─── Record excerpts

Lemma admissible_drop N xs :
  (fun n => ell (xs n)) @ \oo --> 0 -> admissible (xs N) (path_drop N xs).
Proof.
move=> ell_cvg; split; first by rewrite /path_drop add0n.
by move: ell_cvg; rewrite -(cvg_shiftn N); apply.
Qed.

Lemma u0_le_path_cost x xs : admissible x xs -> (u0 d ell x <= path_cost xs)%E.
Proof. by move=> adm; apply: ereal_inf_lbound; exists xs. Qed.

Lemma u0_ge x b :
  (forall xs, admissible x xs -> (b <= path_cost xs)%E) -> (b <= u0 d ell x)%E.
Proof. by move=> b_le; apply: le_ereal_inf_tmp => _ [xs adm <-]; exact: b_le. Qed.

Lemma u0_ge0 x : (0 <= u0 d ell x)%E.
Proof. by apply: u0_ge => xs _; exact: path_cost_ge0. Qed.

Lemma u0_le_step x y : (u0 d ell x <= (ell x * d x y)%:E + u0 d ell y)%E.
Proof.
rewrite -leeBlDl //; apply: u0_ge => xs [<- ell_cvg].
rewrite leeBlDl // -path_cost_cons.
by apply: u0_le_path_cost; exact: admissible_cons.
Qed.

Lemma path_leaves_ball x r c xs : 0 < c -> (fun n => ell (xs n)) @ \oo --> 0 ->
  (forall z, d x z < r -> c <= ell z) ->
  exists k, r <= d x (xs k) /\ forall i, (i < k)%N -> d x (xs i) < r.
Proof.
move=> c_gt0 ell_cvg ell_ge.
have leaves : exists n, r <= d x (xs n).
  have [N _ small] := (cvgrPdist_lt _ _).1 ell_cvg c c_gt0.
  exists N; rewrite leNgt; apply/negP => /ell_ge; apply/negP; rewrite -ltNge.
  by apply: le_lt_trans (small N (leqnn N)); rewrite sub0r normrN ler_norm.
have [k r_le k_min] := ex_minnP leaves; exists k; split => // i ik.
by rewrite ltNge; apply/negP => /k_min; rewrite leqNgt ik.
Qed.

Lemma partial_cost_ge_dist xs k c : 0 <= c ->
  (forall i, (i < k)%N -> c <= ell (xs i)) ->
  c * d (xs 0%N) (xs k) <= \sum_(0 <= i < k) step_cost xs i.
Proof.
move=> c_ge0 ell_ge.
apply: le_trans (_ : c * \sum_(0 <= i < k) d (xs i) (xs i.+1) <= _).
  by rewrite ler_wpM2l // metric_le_path_length.
rewrite mulr_sumr; apply: ler_sum_nat => i /andP[_ ik].
by rewrite ler_wpM2r ?metric_ge0 // ell_ge.
Qed.

Lemma sub_le_partial_cost (u : X -> R) :
  (forall a b, u a - u b <= ell a * d a b) ->
  forall xs n, u (xs 0%N) - u (xs n) <= \sum_(0 <= i < n) step_cost xs i.
Proof.
move=> u_sub xs; elim=> [|n IH]; first by rewrite big_geq // subrr.
by rewrite big_nat_recr //=; have := u_sub (xs n) (xs n.+1); rewrite /step_cost; lra.
Qed.

Lemma solution0_le_path_cost (u : X -> R) x xs :
  is_solution d ell 0 (fun z => (u z)%:E) -> admissible x xs ->
  ((u x)%:E <= path_cost xs)%E.
Proof.
move=> sol [<- ell_cvg].
have [cost_fin|] := ltP (path_cost xs) +oo%E; last first.
  by rewrite leye_eq => /eqP ->; exact: leey.
have u_sub a b : u a - u b <= ell a * d a b.
  by have := solution_sub md a b sol; rewrite mul0r subr0.
apply/lee_subgt0Pr => e e_gt0; rewrite -EFinB.
have e2_gt0 : 0 < e / 2 by rewrite divr_gt0.
have [_ _ u_inf _] := sol; have [y u_y] := ereal_inf_EFin_lt u_inf e2_gt0.
have C_gt0 : 0 < d (xs 0%N) y + 1 by rewrite ltr_wpDl ?metric_ge0.
have [N small] := weight_mul_length_small (a := fun n => ell (xs n))
  (l := fun n => d (xs n) (xs n.+1)) (fun n => ell_ge0 _) (fun n => metric_ge0 md _ _)
  ell_cvg (nnseries_is_cvg (step_cost_ge0 xs) cost_fin) C_gt0 e2_gt0.
apply: le_trans (partial_le_path_cost xs N); rewrite lee_fin.
have := sub_le_partial_cost u_sub xs N; have := u_sub (xs N) y.
have : ell (xs N) * d (xs N) y <= e / 2.
  apply: le_trans small; rewrite ler_wpM2l //.
  have := metric_triangle_l md (xs 0%N) (xs N) y.
  have := metric_le_path_length md xs N; lra.
lra.
Qed.
Lemma jointMass_ge0 (Om : {set T}) t : 0 <= jointMass p Om t.
Proof. by rewrite mulr_ge0 ?probOmega_ge0 //; case: (t \in Om); rewrite ?invr_ge0. Qed.

Lemma hw_ge0 x : 0 <= hw p x.
Proof. by have /andP[p_gt0 p_le1] := p_range x; rewrite divr_ge0 ?subr_ge0 ?(ltW p_gt0). Qed.

Lemma probOmega_setD1 (S : {set T}) t :
  t \in S -> probOmega p (S :\ t) = probOmega p S * hw p t.
Proof.
move=> tS; rewrite /probOmega (bigD1 t) //= [in RHS](bigD1 t) //= setD11 tS.
rewrite (eq_bigr (fun x => if x \in S then p x else 1 - p x)); last first.
  by move=> x xt; rewrite in_setD1 xt.
by have /andP[p_gt0 _] := p_range t; rewrite /hw; field; rewrite gt_eqF.
Qed.

Lemma jointMass_setD1 (S : {set T}) t : t \in S ->
  jointMass p (S :\ t) t = probOmega p S / (#|~: S|.+1)%:R * hw p t.
Proof.
by move=> tS; rewrite /jointMass setD11 probOmega_setD1 // card_setCD1 //; ring.
Qed.

Lemma sum_hw_weight (S : {set T}) (g : T -> R) :
  \sum_(t in S) hw p t * g t
  = (\sum_(t in S) hw p t) * \sum_(t in S) weight p S t * g t.
Proof.
have [H0|H_neq0] := eqVneq (\sum_(t in S) hw p t) 0.
  rewrite H0 mul0r big1 // => t tS.
  by rewrite (psumr_eq0P (fun x _ => hw_ge0 x) H0 tS) mul0r.
rewrite mulr_sumr; apply: eq_bigr => t _; rewrite /weight; field.
by rewrite H_neq0.
Qed.

Lemma sum_weight (S : {set T}) :
  \sum_(t in S) hw p t != 0 -> \sum_(t in S) weight p S t = 1.
Proof. by move=> H_neq0; rewrite /weight -mulr_suml divff. Qed.

Lemma sum_jointMass_weighted (f : {set T} -> T -> R) :
  \sum_(Om : {set T}) \sum_(t : T) jointMass p Om t * f (t |: Om) t
  = \sum_(S : {set T}) probOmega p S * (\sum_(t in S) hw p t) / (#|~: S|.+1)%:R
                        * \sum_(t in S) weight p S t * f S t.
Proof.
rewrite sum_jointMass_setU1; apply: eq_bigr => S _.
rewrite (eq_bigr (fun t => probOmega p S / (#|~: S|.+1)%:R * (hw p t * f S t))).
  by rewrite -mulr_sumr sum_hw_weight; ring.
by move=> t tS; rewrite jointMass_setD1 // mulrA.
Qed.

Lemma exists_probOmega_setD1_gt0 (S : {set T}) :
  0 < probOmega p S * \sum_(t in S) hw p t ->
  exists2 t, t \in S & 0 < probOmega p (S :\ t).
Proof.
rewrite mulr_sumr; apply: contraPP => /forall2NP none; apply/negP; rewrite -leNgt.
apply: sumr_le0 => t tS; rewrite -probOmega_setD1 // leNgt.
by case: (none t) => // /negP.
Qed.

Lemma sum_jointMass_gt0 :
  (exists x, p x < 1) -> 0 < \sum_(Om : {set T}) \sum_(t : T) jointMass p Om t.
Proof.
case=> x px_lt1; set Om0 := ~: [set x].
have Om0_gt0 : 0 < jointMass p Om0 x.
  rewrite /jointMass finset.in_setC finset.in_set1 eqxx /= finset.setCK cards1.
  rewrite invr1 mulr1; apply: prodr_gt0 => y _.
  have /andP[p_gt0 _] := p_range y.
  by rewrite finset.in_setC finset.in_set1; case: eqVneq => [->|] /=; rewrite ?subr_gt0.
rewrite (bigD1 Om0) //= (bigD1 x) //= -addrA ltr_pwDl // addr_ge0 //.
  by apply: sumr_ge0 => t _; exact: jointMass_ge0.
by apply: sumr_ge0 => Om _; apply: sumr_ge0 => t _; exact: jointMass_ge0.
Qed.

Lemma Prob_le_add_Expect (E : {set T} -> T -> bool) (g : {set T} -> T -> R) c :
  (exists x, p x < 1) ->
  \sum_(Om : {set T}) \sum_(t : T) jointMass p Om t * ((E Om t)%:R - c - g Om t) <= 0 ->
  Prob p E <= c + Expect p g.
Proof.
move=> /sum_jointMass_gt0 D_gt0 excess_le0; rewrite /Prob /Expect.
rewrite ler_pdivrMr // mulrDl divfK ?gt_eqF // -subr_le0 opprD addrA.
apply: le_trans excess_le0; rewrite mulr_sumr -!sumrB; apply: ler_sum => Om _.
by rewrite mulr_sumr -!sumrB; apply: ler_sum => t _; rewrite !mulrBr [c * _]mulrC.
Qed.

End Sampling.

Lemma weighted_coverage_excess_le0 (R : realType) (T : finType) (p : T -> R)
    (S : {set T}) (Rs : T -> R) (alpha : R) :
  alpha < 1 -> {in S &, injective Rs} -> \sum_(t in S) hw p t != 0 ->
  \sum_(t in S) weight p S t
      * (((Rs t <= wquantile p S Rs alpha)%R)%:R - (1 - alpha) - wmax p S) <= 0.
Proof.
move=> alpha_lt1 Rs_inj H_neq0.
under eq_bigr do rewrite -addrA -opprD mulrBr.
rewrite sumrB -mulr_suml sum_weight // mul1r subr_le0.
rewrite (le_trans _ (wcdf_quantile_le p S Rs alpha alpha_lt1 Rs_inj)) // /wcdf big_mkcondr.
by apply: ler_sum => t _; rewrite mulr_natr mulrb.
Qed.

Section Coverage.
Variables (R : realType) (T : finType) (p : T -> R) (X : T -> R)
  (Xhat sighat : {set T} -> T -> R) (alpha : R).
Hypothesis p_range : forall x, 0 < p x <= 1.
Hypothesis alpha_lt1 : alpha < 1.
Hypothesis scores_inj : forall (Om : {set T}) (t : T),
  0 < probOmega p Om -> t \notin Om ->
  {in t |: Om &, injective (score X Xhat sighat (t |: Om))}.

Let coverage_excess (S : {set T}) (t : T) : R :=
  ((score X Xhat sighat S t <= wquantile p S (score X Xhat sighat S) alpha)%R)%:R
  - (1 - alpha) - wmax p S.

Lemma coverage_excess_term_le0 (S : {set T}) :
  probOmega p S * (\sum_(t in S) hw p t) / (#|~: S|.+1)%:R
    * \sum_(t in S) weight p S t * coverage_excess S t <= 0.
Proof.
set mass := probOmega p S * _.
have mass_ge0 : 0 <= mass.
  by rewrite mulr_ge0 ?probOmega_ge0 ?sumr_ge0 // => t _; exact: hw_ge0.
have [->|mass_neq0] := eqVneq mass 0; first by rewrite !mul0r.
have [t tS Om_gt0] : exists2 t, t \in S & 0 < probOmega p (S :\ t).
  by apply: exists_probOmega_setD1_gt0; rewrite // lt0r mass_neq0.
have := scores_inj (S :\ t) t Om_gt0 (negbT (setD11 t S)); rewrite finset.setD1K // => Rs_inj.
rewrite mulr_ge0_le0 ?divr_ge0 // weighted_coverage_excess_le0 //.
by move: mass_neq0; rewrite mulf_eq0 negb_or => /andP[].
Qed.

Lemma sum_jointMass_coverage_excess_le0 :
  \sum_(Om : {set T}) \sum_(t : T) jointMass p Om t * coverage_excess (t |: Om) t <= 0.
Proof. by rewrite sum_jointMass_weighted //; apply: sumr_le0 => S _; exact: coverage_excess_term_le0. Qed.

End Coverage.

Theorem lemma4 (R : realType) (d1 d2 : nat)
  (p : idx d1 d2 -> R) (X : idx d1 d2 -> R)
  (Xhat sighat : {set idx d1 d2} -> idx d1 d2 -> R) (alpha : R)
  (hp : forall x, 0 < p x <= 1)
  (hp1 : exists x, p x < 1)
  (halpha : 0 < alpha < 1)
  (hsig : forall S x, 0 < sighat S x)
  (hnotie : forall (Om : {set idx d1 d2}) (t : idx d1 d2),
     0 < probOmega p Om -> t \notin Om ->
     {in t |: Om &, injective (score X Xhat sighat (t |: Om))}) :
  Prob p (covered p X Xhat sighat alpha)
    = Prob p (fun Om t => score X Xhat sighat (t |: Om) t
                            <= qstar p X Xhat sighat alpha Om t)
  /\ Prob p (fun Om t => score X Xhat sighat (t |: Om) t
                            <= qstar p X Xhat sighat alpha Om t)
     <= 1 - alpha + Expect p (fun Om t => wmax p (t |: Om)).
Proof.
have /andP[_ alpha_lt1] := halpha.
split.
  congr (Prob p _); apply/funext => Om; apply/funext => t.
  by rewrite /covered /score ler_pdivrMr // ler_distl.
apply: Prob_le_add_Expect => //.
exact: sum_jointMass_coverage_excess_le0.
Qed.
(* Let $A\in\mathbb{R}^{m\times n}$, let $\sigma=\|A\|^2$ (squared spectral norm), and let $v\in\mathbb{R}^n$ with $\|v\|=1$. Define $$u=\begin{cases}\dfrac{\sigma v-A^tAv}{\sqrt{\sigma-\|Av\|^2}} & \text{if } v \text{ is not a dominant singular vector of } A,\\[2mm] 0 & \text{otherwise,}\end{cases}$$ and $H=\sigma\mathbf{I}-uu^t$. Then $v^t(H-A^tA)v=0$ and $H\succeq A^tA$.
   Context: $\|\cdot\|$ is the Euclidean norm on vectors and the induced (spectral) norm on matrices, so $\|A\|^2=\lambda_{\max}(A^tA)$. A unit vector $v$ is a dominant singular vector of $A$ if $\|Av\|=\|A\|$ (equivalently, $v$ is an eigenvector of $A^tA$ for its largest eigenvalue); if $v$ is not dominant then $\sigma-\|Av\|^2>0$. $\mathbf I$ is the identity matrix, $M\succeq N$ means $M-N$ is positive semidefinite. *)

From HB Require Import structures.
From mathcomp Require Import all_boot all_order all_algebra.
From mathcomp Require Import boolp classical_sets reals.
Set Implicit Arguments. Unset Strict Implicit. Unset Printing Implicit Defensive.
Import Order.TTheory GRing.Theory Num.Theory.
Local Open Scope ring_scope.
Local Open Scope classical_set_scope.

Definition vnorm (R : realType) (n : nat) (x : 'cV[R]_n) : R :=
  Num.sqrt (\sum_(i < n) x i 0 ^+ 2).

Definition opnorm (R : realType) (m n : nat) (A : 'M[R]_(m, n)) : R :=
  sup [set r : R | exists x : 'cV[R]_n, vnorm x = 1 /\ r = vnorm (A *m x)].

(* v is a dominant singular vector of A: ||A v|| = ||A|| (v assumed unit). *)
Definition dominant (R : realType) (m n : nat) (A : 'M[R]_(m, n)) (v : 'cV[R]_n) : Prop :=
  vnorm (A *m v) = opnorm A.

Definition psd (R : realType) (n : nat) (M : 'M[R]_n) : Prop :=
  forall x : 'cV[R]_n, 0 <= (x^T *m M *m x) 0 0.

From mathcomp Require Import all_boot all_order all_algebra.
From mathcomp Require Import boolp classical_sets reals.
From mathcomp Require Import ring lra.
Import Order.TTheory GRing.Theory Num.Theory.
Local Open Scope ring_scope.

(* P := sigma I - A^t A is positive semidefinite because sigma bounds the
   Rayleigh quotient of A^t A.  With u = P v / sqrt(v^t P v), the matrix
   H - A^t A equals P - (P v)(P v)^t / (v^t P v), which annihilates the
   quadratic form at v and is positive semidefinite by the Cauchy-Schwarz
   inequality for the semi-inner product (x, y) |-> x^t P y.  When v is
   dominant, u = 0 and v^t P v = 0 already. *)

Section SpectralGap.
Local Set Implicit Arguments.
Local Unset Strict Implicit.
Variable R : realType.

Definition sqnorm {n : nat} (x : 'cV[R]_n) : R := (x^T *m x) 0 0.

Definition bform {n : nat} (N : 'M[R]_n) (x y : 'cV[R]_n) : R :=
  (x^T *m N *m y) 0 0.

Lemma sqnorm_sum n (x : 'cV[R]_n) : sqnorm x = \sum_(i < n) x i 0 ^+ 2.
Proof. by rewrite /sqnorm mxE; apply: eq_bigr => i _; rewrite mxE expr2. Qed.

Lemma sqnorm_ge0 n (x : 'cV[R]_n) : 0 <= sqnorm x.
Proof. by rewrite sqnorm_sum; apply: sumr_ge0 => i _; exact: sqr_ge0. Qed.

Lemma sqnorm_eq0 n (x : 'cV[R]_n) : sqnorm x = 0 -> x = 0.
Proof.
rewrite sqnorm_sum => /eqP; rewrite psumr_eq0 => [/allP x0|i _]; last first.
  exact: sqr_ge0.
apply/matrixP => i j; rewrite (ord1 j) mxE.
by move: (x0 i (mem_index_enum _)); rewrite /= sqrf_eq0 => /eqP.
Qed.

Lemma sqnorm0 n : sqnorm (0 : 'cV[R]_n) = 0.
Proof. by rewrite /sqnorm trmx0 mul0mx mxE. Qed.

Lemma vnorm_ge0 n (x : 'cV[R]_n) : 0 <= vnorm x.
Proof. exact: sqrtr_ge0. Qed.

Lemma vnorm_sqr n (x : 'cV[R]_n) : vnorm x ^+ 2 = sqnorm x.
Proof. by rewrite /vnorm -sqnorm_sum sqr_sqrtr // sqnorm_ge0. Qed.

Lemma vnormZ n (c : R) (x : 'cV[R]_n) : vnorm (c *: x) = `|c| * vnorm x.
Proof.
rewrite /vnorm (eq_bigr (fun i => c ^+ 2 * x i 0 ^+ 2)) => [|i _]; last first.
  by rewrite mxE exprMn.
by rewrite -mulr_sumr sqrtrM ?sqr_ge0 // sqrtr_sqr.
Qed.

Lemma unit_vector_entry_le1 n (x : 'cV[R]_n) j : vnorm x = 1 -> `|x j 0| <= 1.
Proof.
move=> x1; have : sqnorm x = 1 by rewrite -vnorm_sqr x1 expr1n.
rewrite sqnorm_sum (bigD1 j) //= => sum1.
have rest_ge0 : 0 <= \sum_(i < n | i != j) x i 0 ^+ 2.
  by apply: sumr_ge0 => i _; exact: sqr_ge0.
rewrite -(@ler_pXn2r _ 2) ?nnegrE // real_normK ?num_real // expr1n; lra.
Qed.

(* The unit vector [v] only witnesses that the sup is over a nonempty set. *)
Lemma has_sup_opnorm m n (A : 'M[R]_(m, n)) (v : 'cV[R]_n) : vnorm v = 1 ->
  has_sup [set r : R | exists x : 'cV[R]_n, vnorm x = 1 /\ r = vnorm (A *m x)].
Proof.
move=> v1; split; first by exists (vnorm (A *m v)); exists v.
exists (1 + \sum_(i < m) (\sum_(j < n) `|A i j|) ^+ 2) => _ [x [x1 ->]].
have lin_le_sqr : vnorm (A *m x) <= 1 + vnorm (A *m x) ^+ 2.
  by have := vnorm_ge0 (A *m x); nra.
apply: (le_trans lin_le_sqr); rewrite lerD2l vnorm_sqr sqnorm_sum.
apply: ler_sum => i _.
have entry_le : `|(A *m x) i 0| <= \sum_(j < n) `|A i j|.
  rewrite mxE; apply: (le_trans (ler_norm_sum _ _ _)); apply: ler_sum => j _.
  rewrite normrM -[leRHS]mulr1; apply: ler_wpM2l => //.
  exact: unit_vector_entry_le1.
rewrite -real_normK ?num_real // ler_pXn2r ?nnegrE //.
exact: le_trans entry_le.
Qed.

Lemma opnorm_ub m n (A : 'M[R]_(m, n)) (v x : 'cV[R]_n) :
  vnorm v = 1 -> vnorm x = 1 -> vnorm (A *m x) <= opnorm A.
Proof. by move=> v1 x1; apply: (sup_upper_bound (has_sup_opnorm A v1)); exists x. Qed.

Lemma sqnorm_mul_le m n (A : 'M[R]_(m, n)) (v x : 'cV[R]_n) : vnorm v = 1 ->
  sqnorm (A *m x) <= opnorm A ^+ 2 * sqnorm x.
Proof.
move=> v1; have [/sqnorm_eq0 ->|xn0] := eqVneq (sqnorm x) 0.
  by rewrite mulmx0 !sqnorm0 mulr0.
set r := vnorm x.
have r_gt0 : 0 < r by rewrite /r /vnorm -sqnorm_sum sqrtr_gt0 lt_def xn0 sqnorm_ge0.
have xr1 : vnorm (r^-1 *: x) = 1.
  by rewrite vnormZ ger0_norm ?invr_ge0 ?ltW // mulVf // gt_eqF.
have Ax_le := opnorm_ub A v1 xr1.
have Ax_scale : A *m x = r *: (A *m (r^-1 *: x)).
  by rewrite -scalemxAr scalerA divff ?gt_eqF // scale1r.
rewrite -!vnorm_sqr Ax_scale vnormZ (ger0_norm (ltW r_gt0)) exprMn mulrC.
apply: ler_wpM2r; first exact: sqr_ge0.
by have := vnorm_ge0 (A *m (r^-1 *: x)); nra.
Qed.

Lemma bformDl n (N : 'M[R]_n) x y z : bform N (x + y) z = bform N x z + bform N y z.
Proof. by rewrite /bform linearD /= !mulmxDl mxE. Qed.

Lemma bformZl n (N : 'M[R]_n) c x z : bform N (c *: x) z = c * bform N x z.
Proof. by rewrite /bform linearZ /= -!scalemxAl mxE. Qed.

Lemma bformDr n (N : 'M[R]_n) x y z : bform N z (x + y) = bform N z x + bform N z y.
Proof. by rewrite /bform !mulmxDr mxE. Qed.

Lemma bformZr n (N : 'M[R]_n) c x z : bform N z (c *: x) = c * bform N z x.
Proof. by rewrite /bform -!scalemxAr mxE. Qed.

Lemma bformB n (N1 N2 : 'M[R]_n) x y :
  bform (N1 - N2) x y = bform N1 x y - bform N2 x y.
Proof. by rewrite /bform mulmxBr mulmxBl !mxE. Qed.

Lemma bformC n (N : 'M[R]_n) x y : N^T = N -> bform N x y = bform N y x.
Proof.
move=> Nsym; rewrite /bform -[in LHS](trmxK (x^T *m N *m y)) [in LHS]mxE.
by rewrite !trmx_mul trmxK Nsym mulmxA.
Qed.

Lemma bform_scalar n (s : R) (x : 'cV[R]_n) : bform s%:M x x = s * sqnorm x.
Proof. by rewrite /bform /sqnorm mul_mx_scalar -scalemxAl mxE. Qed.

Lemma bform_trmx_mul m n (A : 'M[R]_(m, n)) x :
  bform (A^T *m A) x x = sqnorm (A *m x).
Proof. by rewrite /bform /sqnorm trmx_mul !mulmxA. Qed.

Lemma bformZ n (N : 'M[R]_n) c x y : bform (c *: N) x y = c * bform N x y.
Proof. by rewrite /bform -scalemxAr -scalemxAl mxE. Qed.

Lemma bform_outer_image n (P : 'M[R]_n) (v x : 'cV[R]_n) : P^T = P ->
  bform ((P *m v) *m (P *m v)^T) x x = bform P x v ^+ 2.
Proof.
move=> Psym; rewrite /bform !mulmxA -(mulmxA _ (P *m v)^T) [LHS]mxE big_ord1.
by rewrite trmx_mul Psym -/(bform P v x) (bformC v x Psym) expr2.
Qed.

Lemma bform_CauchySchwarz n (P : 'M[R]_n) (x v : 'cV[R]_n) :
  P^T = P -> psd P -> 0 < bform P v v ->
  bform P x v ^+ 2 <= bform P x x * bform P v v.
Proof.
move=> Psym Ppsd d_gt0; set a := bform P x x; set b := bform P x v.
set d := bform P v v; set t := - (b / d).
have := Ppsd (x + t *: v); rewrite -/(bform P _ _).
rewrite bformDl !bformDr !bformZl !bformZr (bformC v x Psym) -/a -/b -/d.
have -> : a + t * b + (t * b + t * (t * d)) = (a * d - b ^+ 2) / d.
  by rewrite /t; field; rewrite gt_eqF.
by rewrite pmulr_lge0 ?invr_gt0 // subr_ge0 mulrC.
Qed.

Lemma psd_sub_outer_image n (P : 'M[R]_n) (v : 'cV[R]_n) :
  P^T = P -> psd P -> 0 < bform P v v ->
  psd (P - (bform P v v)^-1 *: ((P *m v) *m (P *m v)^T)).
Proof.
move=> Psym Ppsd d_gt0 x; rewrite -/(bform _ x x) bformB bformZ.
rewrite bform_outer_image // subr_ge0 ler_pdivrMl // mulrC.
exact: bform_CauchySchwarz.
Qed.

Lemma bform_sub_outer_image n (P : 'M[R]_n) (v : 'cV[R]_n) :
  P^T = P -> bform P v v != 0 ->
  bform (P - (bform P v v)^-1 *: ((P *m v) *m (P *m v)^T)) v v = 0.
Proof.
move=> Psym d_neq0; rewrite bformB bformZ bform_outer_image //.
by rewrite expr2 mulrA mulVf // mul1r subrr.
Qed.

Lemma psd_opnorm_gap m n (A : 'M[R]_(m, n)) (v : 'cV[R]_n) : vnorm v = 1 ->
  psd ((opnorm A ^+ 2)%:M - A^T *m A).
Proof.
move=> v1 x; rewrite -/(bform _ x x) bformB bform_scalar bform_trmx_mul.
by rewrite subr_ge0 (sqnorm_mul_le A x v1).
Qed.

Lemma mx11_eq0 (M : 'M[R]_1) : M 0 0 = 0 -> M = 0.
Proof. by move=> M00; apply/matrixP => i j; rewrite !ord1 M00 mxE. Qed.

End SpectralGap.

Theorem lemma1 (R : realType) (m n : nat) (A : 'M[R]_(m, n)) (v : 'cV[R]_n)
  (hv : vnorm v = 1) :
  let sigma := opnorm A ^+ 2 in
  let u : 'cV[R]_n :=
    if `[< dominant A v >] then 0
    else (Num.sqrt (sigma - vnorm (A *m v) ^+ 2))^-1 *: (sigma *: v - A^T *m A *m v) in
  let H : 'M[R]_n := sigma%:M - u *m u^T in
  v^T *m (H - A^T *m A) *m v = 0 /\ psd (H - A^T *m A).
Proof.
move=> sigma u H; set P := sigma%:M - A^T *m A.
have Psym : P^T = P by rewrite /P linearB /= tr_scalar_mx trmx_mul trmxK.
have Ppsd : psd P := psd_opnorm_gap A hv.
have gap : bform P v v = sigma - vnorm (A *m v) ^+ 2.
  by rewrite bformB bform_scalar bform_trmx_mul -!vnorm_sqr hv expr1n mulr1.
have -> : H - A^T *m A = P - u *m u^T by rewrite /H /P addrAC.
have [dom | ndom] := asboolP (dominant A v).
  rewrite /u asboolT // mul0mx subr0; split=> //; apply: mx11_eq0.
  by rewrite -/(bform P v v) gap dom subrr.
have d_gt0 : 0 < bform P v v.
  have opnorm_ge0 := le_trans (vnorm_ge0 _) (opnorm_ub A hv hv).
  rewrite gap subr_gt0 ltr_pXn2r ?nnegrE ?vnorm_ge0 //.
  by rewrite lt_neqAle (opnorm_ub A hv hv) andbT; apply/eqP.
have -> : u *m u^T = (bform P v v)^-1 *: ((P *m v) *m (P *m v)^T).
  have Pv : P *m v = sigma *: v - A^T *m A *m v by rewrite mulmxBl mul_scalar_mx.
  rewrite /u asboolF // -gap -Pv -scalemxAl linearZ /= -scalemxAr scalerA.
  by rewrite -invfM -expr2 sqr_sqrtr ?ltW.
split; last exact: psd_sub_outer_image.
by apply: mx11_eq0; apply: bform_sub_outer_image; rewrite // gt_eqF.
Qed.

──────

Using the entries above, repeat only the lines from the one containing "have gap : bform" through the one containing "rewrite /u asboolT", end lines included.

Response area »
have gap : bform P v v = sigma - vnorm (A *m v) ^+ 2.
  by rewrite bformB bform_scalar bform_trmx_mul -!vnorm_sqr hv expr1n mulr1.
have -> : H - A^T *m A = P - u *m u^T by rewrite /H /P addrAC.
have [dom | ndom] := asboolP (dominant A v).
  rewrite /u asboolT // mul0mx subr0; split=> //; apply: mx11_eq0.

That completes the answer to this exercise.